What the consumer does NOT have access to

No direct access to the SUT's internal state (GTSAM iSAM2 graph, FAISS index in-memory, OpenCV intermediate buffers, VioStrategy implementation pointer).
No internal Python/C++ module imports from the SUT.
No shared memory or filesystem with the SUT outside the four explicit mounts (tile-cache-fixture r/o, fdr-output r/o from runner side, input-data r/o, expected-results r/o).
No bypass of the FC-side acceptance check — every AC-4.3 assertion goes through SITL.

CI/CD Integration

2026-05-20: rewritten for the Jetson-only policy. Tier-1 references in the historical sub-sections below are no longer operative.

When to run (active policy):

Jetson (colocated arm64 Woodpecker agent): on every PR to dev branch, nightly on dev HEAD, and as a hard gate before any release tag.
AC-NEW-5 thermal envelope: quarterly on the chamber-attached Jetson runner; failures block release tags only.

Pipeline stage: a single Jetson workflow (.woodpecker/01-test.yml) on the self-hosted-jetson-orin runner exercises the full suite — there is no longer a parallel x86 lane.

Gate behavior: Jetson blocks PR merge on any test failure and blocks release tags on any test failure.
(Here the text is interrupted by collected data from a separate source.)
(* Let $H$ be a separable infinite-dimensional complex Hilbert space, $\ell^2=\ell^2(\mathbb{Z}_+)$, and $\mathcal{H}=\ell^2(\mathbb{Z}_+,H)=(\bigoplus_{n\in\mathbb{Z}_+}H)_{\ell^2}$. Let $B$ be the backward shift on $\ell^2$, $B(x_0,x_1,\dots)=(x_1,x_2,\dots)$, and $B_\infty$ the backward shift on $\mathcal{H}$, $B_\infty(x_0,x_1,\dots)=(x_1,x_2,\dots)$ with $x_n\in H$; $B^*$ and $B_\infty^*$ are their adjoints (the forward shifts). Then: (i) $L_B$ and $R_{B^*}$ are universal operators on $\mathcal{C}_2(\ell^2)$, and $L_{B_\infty}$ and $R_{B_\infty^*}$ are universal operators on $\mathcal{C}_2(\mathcal{H})$; (ii) $(L_B,R_{B^*})$ is not a universal commuting pair on $\mathcal{C}_2(\ell^2)$; (iii) $(L_{B_\infty},R_{B_\infty^*})$ is a universal commuting pair on $\mathcal{C}_2(\mathcal{H})$.
   Context: For a separable Hilbert space $K$, $\mathcal{C}_2(K)$ is the Hilbert space of Hilbert–Schmidt operators on $K$ with the Hilbert–Schmidt norm $\|T\|_2=(\sum_n\|Tf_n\|^2)^{1/2}$ for an orthonormal basis $(f_n)$. For $U\in\mathcal{L}(K)$, $L_U(S)=US$ and $R_U(S)=SU$ for $S\in\mathcal{C}_2(K)$; these are bounded operators on $\mathcal{C}_2(K)$ and $L_U$, $R_V$ commute. An operator $U$ on a separable infinite-dimensional Hilbert space $E$ is universal if for every $T\in\mathcal{L}(E)$ there exist a closed $U$-invariant subspace $M\subset E$ and $c\neq0$ such that $U|_M$ is similar to $cT$ (i.e. $U|_M=J^{-1}(cT)J$ for some linear isomorphism $J:M\to E$). A commuting pair $(U_1,U_2)\in\mathcal{L}(E)^2$ is a universal commuting pair if for every commuting pair $(S_1,S_2)\in\mathcal{L}(E)^2$ there exist $c\neq0$, a closed subspace $M\subset E$ invariant under both $U_1,U_2$, and a linear isomorphism $V:E\to M$ with $U_1V=cVS_1$ and $U_2V=cVS_2$. *)

From HB Require Import structures.
From mathcomp Require Import all_boot all_order all_algebra.
From mathcomp Require Import complex.
From mathcomp Require Import all_classical all_reals all_analysis.
Set Implicit Arguments. Unset Strict Implicit. Unset Printing Implicit Defensive.
Import Order.TTheory GRing.Theory Num.Theory.
Import numFieldNormedType.Exports.
Local Open Scope classical_set_scope.
Local Open Scope ring_scope.

Section L2.
Variable R : realType.
Local Notation C := (R[i]).

Definition sqmod (z : C) : R := (complex.Re z) ^+ 2 + (complex.Im z) ^+ 2.

Definition cconj (z : C) : C := complex.Complex (complex.Re z) (- complex.Im z).

Definition is_l2 {I : choiceType} (f : I -> C) : Prop :=
  (\esum_(i in [set: I]) ((sqmod (f i))%:E) < +oo)%E.

Definition l2norm {I : choiceType} (f : I -> C) : R :=
  Num.sqrt (fine (\esum_(i in [set: I]) ((sqmod (f i))%:E))).

Definition vlin {I : Type} (a : C) (f g : I -> C) : I -> C := fun i => a * f i + g i.
Definition vscale {I : Type} (a : C) (f : I -> C) : I -> C := fun i => a * f i.
Definition vsub {I : Type} (f g : I -> C) : I -> C := fun i => f i - g i.
Definition vzero {I : Type} : I -> C := fun _ => 0.

Section Ops.
Variable I : choiceType.
Local Notation vec := (I -> C).

Definition lin_on (D : set vec) (T : vec -> vec) : Prop :=
  forall a f g, D f -> D g -> T (vlin a f g) = vlin a (T f) (T g).

(** bounded linear operators on l^2(I) (only their values on l^2(I) matter) *)
Definition bounded_op (T : vec -> vec) : Prop :=
  [/\ forall f, is_l2 f -> is_l2 (T f),
      lin_on is_l2 T &
      exists k : R, forall f, is_l2 f -> l2norm (T f) <= k * l2norm f].

Definition closed_subspace (M : set vec) : Prop :=
  [/\ M `<=` is_l2, M vzero,
      (forall a f g, M f -> M g -> M (vlin a f g)) &
      (forall (u : nat -> vec) (x : vec), (forall n, M (u n)) -> is_l2 x ->
         (fun n => l2norm (vsub (u n) x)) @ \oo --> (0 : R) -> M x)].

Definition invariant (U : vec -> vec) (M : set vec) : Prop :=
  forall f, M f -> M (U f).

Definition lin_iso (D1 D2 : set vec) (J : vec -> vec) : Prop :=
  [/\ forall f, D1 f -> D2 (J f),
      lin_on D1 J,
      (forall g, D2 g -> exists2 f, D1 f & J f = g) &
      exists k1 k2 : R, forall f, D1 f ->
         l2norm (J f) <= k1 * l2norm f /\ l2norm f <= k2 * l2norm (J f)].

Definition universal (U : vec -> vec) : Prop :=
  bounded_op U /\
  forall T, bounded_op T ->
    exists (M : set vec) (c : C) (J : vec -> vec),
      [/\ closed_subspace M, invariant U M, c != 0, lin_iso M is_l2 J &
          forall f, M f -> J (U f) = vscale c (T (J f))].

Definition commuting_pair (U1 U2 : vec -> vec) : Prop :=
  [/\ bounded_op U1, bounded_op U2 &
      forall f, is_l2 f -> U1 (U2 f) = U2 (U1 f)].

Definition universal_commuting_pair (U1 U2 : vec -> vec) : Prop :=
  commuting_pair U1 U2 /\
  forall S1 S2, commuting_pair S1 S2 ->
    exists (c : C) (M : set vec) (V : vec -> vec),
      [/\ c != 0, closed_subspace M, invariant U1 M /\ invariant U2 M,
          lin_iso is_l2 M V &
          forall f, is_l2 f ->
            U1 (V f) = vscale c (V (S1 f)) /\ U2 (V f) = vscale c (V (S2 f))].
End Ops.

(** Hilbert–Schmidt operators on K = l^2(I) are represented by their matrices
    s(i,j) = <S e_j, e_i>; this identifies C_2(l^2(I)) isometrically with
    l^2(I * I). *)
Section HS.
Variable I : choiceType.

(** L_U(S) = U S : the j-th column of U S is U applied to the j-th column of S. *)
Definition Lmul (U : (I -> C) -> (I -> C)) (s : I * I -> C) : I * I -> C :=
  fun p => U (fun k => s (k, p.2)) p.1.

Definition adjmx (s : I * I -> C) : I * I -> C := fun p => cconj (s (p.2, p.1)).

(** R_{V^*}(S) = S V^* = (V S^* )^* . *)
Definition Radj (V : (I -> C) -> (I -> C)) (s : I * I -> C) : I * I -> C :=
  adjmx (Lmul V (adjmx s)).
End HS.

Definition bshift (x : nat -> C) : nat -> C := fun n => x n.+1.

(** backward shift B_oo on l^2(Z_+, H) with H = l^2(Z_+): a vector (x_n)_n
    with x_n in H is represented by x(n,k) = k-th coordinate of x_n. *)
Definition bshift_inf (x : nat * nat -> C) : nat * nat -> C :=
  fun p => x (p.1.+1, p.2).

End L2.

From Pilot Require Import Defs.
From HB Require Import structures.
From mathcomp Require Import all_boot all_order all_algebra.
From mathcomp Require Import complex.
From mathcomp Require Import all_classical all_reals all_analysis.
From mathcomp Require Import ring lra.
From Stdlib Require Cantor.

Set Implicit Arguments.
Unset Strict Implicit.
Unset Printing Implicit Defensive.
Import Order.TTheory GRing.Theory Num.Theory.
Import numFieldNormedType.Exports.
Local Open Scope classical_set_scope.
Local Open Scope ring_scope.

(* Rota's model.  Scale T to G := c T with ||G y||^2 <= ||y||^2 / 2.  Then
   x |-> (G^n x)_n is an isomorphism of l^2(I) onto a closed subspace M of
   l^2(nat, l^2(I)), and it turns G into the backward shift; hence the shift
   restricted to M is similar to c T.  The four operators of (i) are backward
   shifts of infinite multiplicity: after a reindexing I ~ nat * K with K ~ I
   they shift the nat coordinate.  For a commuting pair (S1, S2) the map
   x |-> (G1^n G2^m x)_(n,m) turns G1 and G2 into the two shifts of
   l^2(nat * nat, l^2(I)), which is what L_{B_oo} and R_{B_oo^*} are up to
   reindexing.  On C_2(l^2) = l^2(nat * nat), by contrast, the joint kernel of
   L_B and R_{B^*} is spanned by e_(0,0), and an intertwiner of the pair with
   the zero pair would map l^2(nat * nat) injectively into it. *)

Section esum_lemmas.
Context {R : realType}.
Local Open Scope ereal_scope.

Lemma esumZl_le (T : choiceType) (S : set T) (k : R) (a : T -> \bar R) :
  (0 <= k)%R -> (forall x, 0 <= a x) ->
  \esum_(i in S) (k%:E * a i) <= k%:E * \esum_(i in S) a i.
Proof.
move=> k0 a0; apply: ge_ereal_sup => _ [X [finX XS] <-].
rewrite -ge0_mule_fsumr // lee_wpmul2l ?lee_fin //.
by apply: ereal_sup_ubound; exists X.
Qed.

Lemma le_esum_term (T : choiceType) (a : T -> \bar R) (i : T) :
  (forall x, 0 <= a x) -> a i <= \esum_(x in [set: T]) a x.
Proof.
move=> a0; apply: esum_ge; exists [set i]; last by rewrite fsbig_set1.
by split => //; exact: finite_set1.
Qed.

Lemma esum_bij (T T' : choiceType) (e : T -> T') (e' : T' -> T) (a : T' -> \bar R) :
  cancel e e' -> cancel e' e ->
  \esum_(j in [set: T']) a j = \esum_(i in [set: T]) a (e i).
Proof.
move=> eK e'K; apply: reindex_esum; split => // [x y _ _ /(congr1 e')|y _].
  by rewrite !eK.
by exists (e' y); rewrite ?e'K.
Qed.

Lemma le_esum_comp_inj (T T' : choiceType) (e : T -> T') (a : T' -> \bar R) :
  injective e -> \esum_(i in [set: T]) a (e i) <= \esum_(j in [set: T']) a j.
Proof.
move=> ie; rewrite -(esum_image setT e a); last by move=> x y _ _; exact: ie.
apply: ge_ereal_sup => _ [X [finX XA] <-].
by apply: ereal_sup_ubound; exists X.
Qed.

Lemma esum_pair (T1 T2 : choiceType) (a : T1 * T2 -> \bar R) :
  (forall x, 0 <= a x) ->
  \esum_(p in [set: T1 * T2]) a p =
  \esum_(i in [set: T1]) \esum_(j in [set: T2]) a (i, j).
Proof.
move=> a0; rewrite (@esum_esum R T1 T2 setT (fun=> setT) (fun i j => a (i, j))) //.
have -> : [set: T1] `*`` (fun=> [set: T2]) = [set: T1 * T2].
  by apply/seteqP; split => // -[].
by apply: eq_esum => -[].
Qed.

Lemma esum_geometric (b : R) : (0 <= b)%R ->
  \esum_(n in [set: nat]) ((2^-1) ^+ n * b)%:E <= (2 * b)%:E.
Proof.
move=> b0.
have -> : \esum_(n in [set: nat]) ((2^-1) ^+ n * b)%:E =
          \esum_(n in [set: nat]) ((2 * b) / (2 ^ n.+1)%:R)%:E.
  apply: eq_esum => n _; congr (_%:E); rewrite natrX exprS exprVn; field.
  by rewrite expf_neq0.
rewrite -nneseries_esumT; last by move=> n; rewrite lee_fin divr_ge0 // mulr_ge0.
by apply: epsilon_trick0; rewrite mulr_ge0.
Qed.

End esum_lemmas.

Section sqmod_lemmas.
Context {R : realType}.
Local Notation C := (R[i]).

Lemma sqmodM (a z : C) : sqmod (a * z) = sqmod a * sqmod z.
Proof. by case: a => a1 a2; case: z => z1 z2; rewrite /sqmod /=; ring. Qed.

Lemma sqmodD_le (a z : C) : sqmod (a + z) <= 2 * sqmod a + 2 * sqmod z.
Proof.
case: a => a1 a2; case: z => z1 z2; rewrite /sqmod /=.
have := sqr_ge0 (a1 - z1); have := sqr_ge0 (a2 - z2); nra.
Qed.

Lemma sqmod_ge0 (a : C) : 0 <= sqmod a.
Proof. by rewrite addr_ge0 ?sqr_ge0. Qed.

Lemma sqmodN (a : C) : sqmod (- a) = sqmod a.
Proof. by case: a => a1 a2; rewrite /sqmod /= !sqrrN. Qed.

Lemma sqmod0 : sqmod (0 : C) = 0.
Proof. by rewrite /sqmod /= expr0n addr0. Qed.

Lemma sqmod_eq0 (a : C) : sqmod a = 0 -> a = 0.
Proof.
case: a => a1 a2; rewrite /sqmod /= => /eqP.
by rewrite paddr_eq0 ?sqr_ge0 // !sqrf_eq0 => /andP[/eqP -> /eqP ->].
Qed.

Lemma cconjK (a : C) : cconj (cconj a) = a.
Proof. by case: a => a1 a2; rewrite /cconj /= opprK. Qed.

End sqmod_lemmas.

Section nsq.
Context {R : realType} {I : choiceType}.
Local Notation C := (R[i]).
Local Notation vec := (I -> C).
Local Notation L2 := (@is_l2 R I).

Definition nsq (f : vec) : \bar R := (\esum_(i in [set: I]) (sqmod (f i))%:E)%E.

Lemma nsq_ge0 (f : vec) : (0 <= nsq f)%E.
Proof. by apply: esum_ge0 => x _; rewrite lee_fin sqmod_ge0. Qed.

Lemma sqmod_le_nsq (f : vec) i : ((sqmod (f i))%:E <= nsq f)%E.
Proof.
by apply: (@le_esum_term _ _ (fun i => (sqmod (f i))%:E)) => x; rewrite lee_fin sqmod_ge0.
Qed.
Chamber tests are warning-only on PRs and blocking on release tags.

Timeout:

Jetson: 4 hr per matrix entry (allows for full Derkachi 8 min replay × ~10 scenarios + cold-boot loops).
Thermal chamber AC-NEW-5: 9 hr (8 h hot-soak + setup/teardown).

Reporting

Format: CSV (one row per test).

Columns: test_id, test_name, traces_to, fc_adapter, vio_strategy, tier, started_at_utc, execution_time_ms, result, error_message, evidence_paths

traces_to: comma-separated AC/RESTRICT IDs from the traceability matrix.
fc_adapter: ardupilot | inav | n/a.
vio_strategy: okvis2 | klt_ransac | vins_mono | n/a (research-build only for vins_mono).
tier: tier1-docker | tier2-jetson | tier2-chamber.
result: PASS | FAIL | SKIP | XFAIL (XFAIL only allowed for AC explicitly marked NOT COVERED in the traceability matrix and not yet promoted to a real test).
evidence_paths: comma-separated paths inside the run-output bundle (.tlog files, FDR archives, screenshots, profiler traces) supporting the verdict.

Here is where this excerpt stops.